WHAT YOU SHOULDN’T MISS:
* Former Alaska governor Sarah Palin has waded into a competitive Senate primary in Nebraska, backing state Sen. Deb Fischer against Attorney General Jon Bruning and state Treasurer Don Stenberg. Fischer’s campaign released a note from Palin and her husband Todd, who said they were “glad to see your grassroots efforts paying off!” Fischer just released a poll showing her in striking distance with Bruning.
* Businessman Eric Hovde has put out an internal poll showing him in a dead heat in the GOP Senate primary with former governor Tommy Thompson. Thompson takes 30 percent, Hovde is at 27 percent, and former Rep. Mark Neumann is close behind at 23 percent. Hovde has spent over $1.5 million on ads so far.

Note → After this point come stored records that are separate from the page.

(* Let $p>1$, $\alpha\in\mathbb{R}$, and for $\bar w\in\mathbb{R}$, $s$ large, define $$N(\bar w,s)=h(s)|\bar w+1|^{p-1}(\bar w+1)\frac{\ln^\alpha(\psi_1^2(\bar w+1)^2+2)}{\ln^\alpha(\psi_1^2+2)}-h(s)(\bar w+1)-\bar w,$$ with $\psi_1=\psi_1(s)$. Then $$N(\bar w,s)=\frac{p\bar w^2}{2}+O\!\left(\frac{|\bar w|\ln s}{s^2}\right)+O\!\left(\frac{|\bar w|^2}{s}\right)+O(|\bar w|^3)\quad\text{as }(\bar w,s)\to(0,+\infty).$$
   Context: For $T>0$ let $\psi$ be the unique positive solution of $\psi'=\psi^p\ln^\alpha(\psi^2+2)$ with $\psi(t)\to+\infty$ as $t\to T$; set $\psi_1(s)=\psi(T-e^{-s})$ and $h(s)=e^{-s}\psi_1^{p-1}(s)\ln^\alpha(\psi_1^2(s)+2)$. *)

From Stdlib Require Import Reals.
From Coquelicot Require Import Coquelicot.
Open Scope R_scope.

Definition rpow (x y : R) : R := Rpower x y.

Definition lnpow (alpha x : R) : R := rpow (ln (x ^ 2 + 2)) alpha.

Definition is_blowup_sol (p alpha T : R) (psi : R -> R) : Prop :=
  (forall t, t < T -> 0 < psi t) /\
  (forall t, t < T -> is_derive psi t (rpow (psi t) p * lnpow alpha (psi t))) /\
  filterlim psi (at_left T) (Rbar_locally p_infty).

Definition psi1 (psi : R -> R) (T s : R) : R := psi (T - exp (- s)).

Definition hfun (p alpha T : R) (psi : R -> R) (s : R) : R :=
  exp (- s) * rpow (psi1 psi T s) (p - 1) * lnpow alpha (psi1 psi T s).

Definition Nfun (p alpha T : R) (psi : R -> R) (w s : R) : R :=
  let P := psi1 psi T s in
  let h := hfun p alpha T psi s in
  h * rpow (Rabs (w + 1)) (p - 1) * (w + 1)
    * (rpow (ln (P ^ 2 * (w + 1) ^ 2 + 2)) alpha / lnpow alpha P)
  - h * (w + 1) - w.

(* Write x = psi t and ell = ln (x^2 + 2). The functions
     Phi_k(x) = x^(1-p) ell^(-a) (1 + k / ell^2) / q(x),   q = p - 1 + 2 a x^2 / ((x^2 + 2) ell),
   are barriers for the remaining time: for k = K and k = -K with K large enough,
   t |-> Phi_k(psi t) + t is monotone along the ODE and tends to T, so that
   Phi_(-K)(x) <= T - t <= Phi_K(x). At t = T - e^(-s) this gives h(s) q(x) = 1 + O(1/ell^2)
   and s = O(ell). Expanding (1+w)^p and ln^a(x^2 (w+1)^2 + 2) / ln^a(x^2 + 2) to second order
   then gives N - p w^2/2 = (h q - 1) w + O(w^2/ell + |w|^3), and 1/ell = O(1/s). *)

From Stdlib Require Import Reals Lra Psatz.
From Coquelicot Require Import Coquelicot.
Open Scope R_scope.

Lemma is_derive_continuity_pt (f : R -> R) x l : is_derive f x l -> continuity_pt f x.
Proof.
  intros Hf. apply continuity_pt_filterlim.
  apply (ex_derive_continuous (K := R_AbsRing) (V := R_NormedModule)).
  now exists l.
Qed.

Lemma exp_le_compat x y : x <= y -> exp x <= exp y.
Proof.
  intros [Hlt | ->]; [now left; apply exp_increasing | apply Rle_refl].
Qed.

Lemma Rabs_mult_le x y X Y : Rabs x <= X -> Rabs y <= Y -> Rabs (x * y) <= X * Y.
Proof.
  intros Hx Hy. rewrite Rabs_mult.
  apply Rmult_le_compat; auto using Rabs_pos.
Qed.

Lemma Rabs_le_of_derive_bound (f f' : R -> R) (r B : R) (k : nat) :
  0 <= B -> f 0 = 0 ->
  (forall c, Rabs c <= r -> is_derive f c (f' c)) ->
  (forall c, Rabs c <= r -> Rabs (f' c) <= B * Rabs c ^ k) ->
  forall y, Rabs y <= r -> Rabs (f y) <= B * Rabs y ^ S k.
Proof.
  intros HB Hf0 Hd Hb y Hy.
  assert (Hseg : forall c, Rmin 0 y <= c <= Rmax 0 y -> Rabs c <= Rabs y).
  { unfold Rmin, Rmax; destruct (Rle_dec 0 y); intros c Hc; apply Rabs_le; split_Rabs; lra. }
  destruct (MVT_gen f 0 y f') as [c [Hc Hmvt]].
  - intros c Hc. apply Hd. assert (Rabs c <= Rabs y) by (apply Hseg; lra). lra.
  - intros c Hc. apply (is_derive_continuity_pt _ _ (f' c)), Hd.
    specialize (Hseg c Hc). lra.
  - rewrite Hf0, !Rminus_0_r in Hmvt. rewrite Hmvt, Rabs_mult. simpl.
    specialize (Hseg c Hc).
    assert (Hf' : Rabs (f' c) <= B * Rabs c ^ k) by (apply Hb; lra).
    assert (Hck : Rabs c ^ k <= Rabs y ^ k) by (apply pow_incr; split; [apply Rabs_pos | lra]).
    assert (0 <= B * Rabs y) by (apply Rmult_le_pos; [lra | apply Rabs_pos]).
    pose proof (Rabs_pos y). nra.
Qed.

Lemma ln_1p_bound y : Rabs y <= 1/2 -> Rabs (ln (1 + y)) <= 2 * Rabs y.
Proof.
  intros Hy. replace (2 * Rabs y) with (2 * Rabs y ^ 1) by ring.
  apply (Rabs_le_of_derive_bound (fun y => ln (1 + y)) (fun c => / (1 + c)) (1/2)); auto; try lra.
  - now rewrite Rplus_0_r, ln_1.
  - intros c Hc. auto_derive; [split_Rabs; lra | field; split_Rabs; lra].
  - intros c Hc. rewrite pow_O, Rmult_1_r, Rabs_inv, Rabs_pos_eq by (split_Rabs; lra).
    replace 2 with (/ (1/2)) by field. apply Rinv_le_contravar; split_Rabs; lra.
Qed.

Lemma ln_1p_taylor1 y : Rabs y <= 1/2 -> Rabs (ln (1 + y) - y) <= 2 * Rabs y ^ 2.
Proof.
  intros Hy.
  apply (Rabs_le_of_derive_bound (fun y => ln (1 + y) - y) (fun c => / (1 + c) - 1) (1/2)); auto; try lra.
  - rewrite Rplus_0_r, ln_1; ring.
  - intros c Hc. auto_derive; [split_Rabs; lra | field; split_Rabs; lra].
  - intros c Hc. rewrite pow_1.
    replace (/ (1 + c) - 1) with (- c / (1 + c)) by (field; split_Rabs; lra).
    unfold Rdiv. rewrite Rabs_mult, Rabs_Ropp, Rabs_inv, (Rabs_pos_eq (1 + c)) by (split_Rabs; lra).
    rewrite Rmult_comm. apply Rmult_le_compat_r; [apply Rabs_pos |].
    replace 2 with (/ (1/2)) by field. apply Rinv_le_contravar; split_Rabs; lra.
Qed.

Lemma is_derive_Rpower_1p g y : -1 < y ->
  is_derive (fun y => Rpower (1 + y) g) y (g * Rpower (1 + y) (g - 1)).
Proof.
  intros Hy. unfold Rpower. auto_derive; [lra |].
  replace ((g - 1) * ln (1 + y)) with (g * ln (1 + y) + - ln (1 + y)) by ring.
  rewrite exp_plus, exp_Ropp, exp_ln by lra. field. lra.
Qed.

Lemma Rpower_1p_le g y : Rabs y <= 1/2 -> Rpower (1 + y) g <= exp (Rabs g).
Proof.
  intros Hy. apply exp_le_compat.
  pose proof (ln_1p_bound y Hy) as Hln.
  apply Rle_trans with (Rabs (g * ln (1 + y))); [apply Rle_abs |].
  rewrite Rabs_mult. pose proof (Rabs_pos g). nra.
Qed.

(* The derivative of [(1+y)^g] is [g (1+y)^(g-1)], so each Taylor estimate for the
   exponent [g] follows from the previous one for the exponent [g - 1]. *)
Lemma Rpower_1p_taylor_step g (Pg Pg1 : R -> R) B k :
  0 <= B -> Pg 0 = 1 -> (forall c, is_derive Pg c (g * Pg1 c)) ->
  (forall c, Rabs c <= 1/2 -> Rabs (Rpower (1 + c) (g - 1) - Pg1 c) <= B * Rabs c ^ k) ->
  forall y, Rabs y <= 1/2 -> Rabs (Rpower (1 + y) g - Pg y) <= Rabs g * B * Rabs y ^ S k.
Proof.
  intros HB HP0 HdP Hprev.
  apply (Rabs_le_of_derive_bound _ (fun c => g * Rpower (1 + c) (g - 1) - g * Pg1 c)).
  - apply Rmult_le_pos; [apply Rabs_pos | exact HB].
  - unfold Rpower. rewrite HP0, Rplus_0_r, ln_1, Rmult_0_r, exp_0. ring.
  - intros c Hc. apply (is_derive_minus (fun y => Rpower (1 + y) g));
      [apply is_derive_Rpower_1p; split_Rabs; lra | apply HdP].
  - intros c Hc. rewrite <- Rmult_minus_distr_l, Rabs_mult, Rmult_assoc.
    apply Rmult_le_compat_l; [apply Rabs_pos | now apply Hprev].
Qed.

* On the heels of his victory over Sen. Dick Lugar in Indiana’s Republican Senate primary, Richard Mourdock is launching a moneybomb to compete with Rep. Joe Donnelly (D). “We left everything on the table, and it took every dollar we had to win yesterday’s primary,” he writes. Donnelly has $801,000 in the bank.
* Rep. Denny Rehberg (R) is out with his first campaign ad in the Montana Senate race. The spot is half an attack on Sen. Jon Tester (D) for voting for tax increases, pay raises and generally with President Obama, half a positive spot in which Rehberg touts his opposition to bailouts and pay raises, “because it’s your money, not theirs.”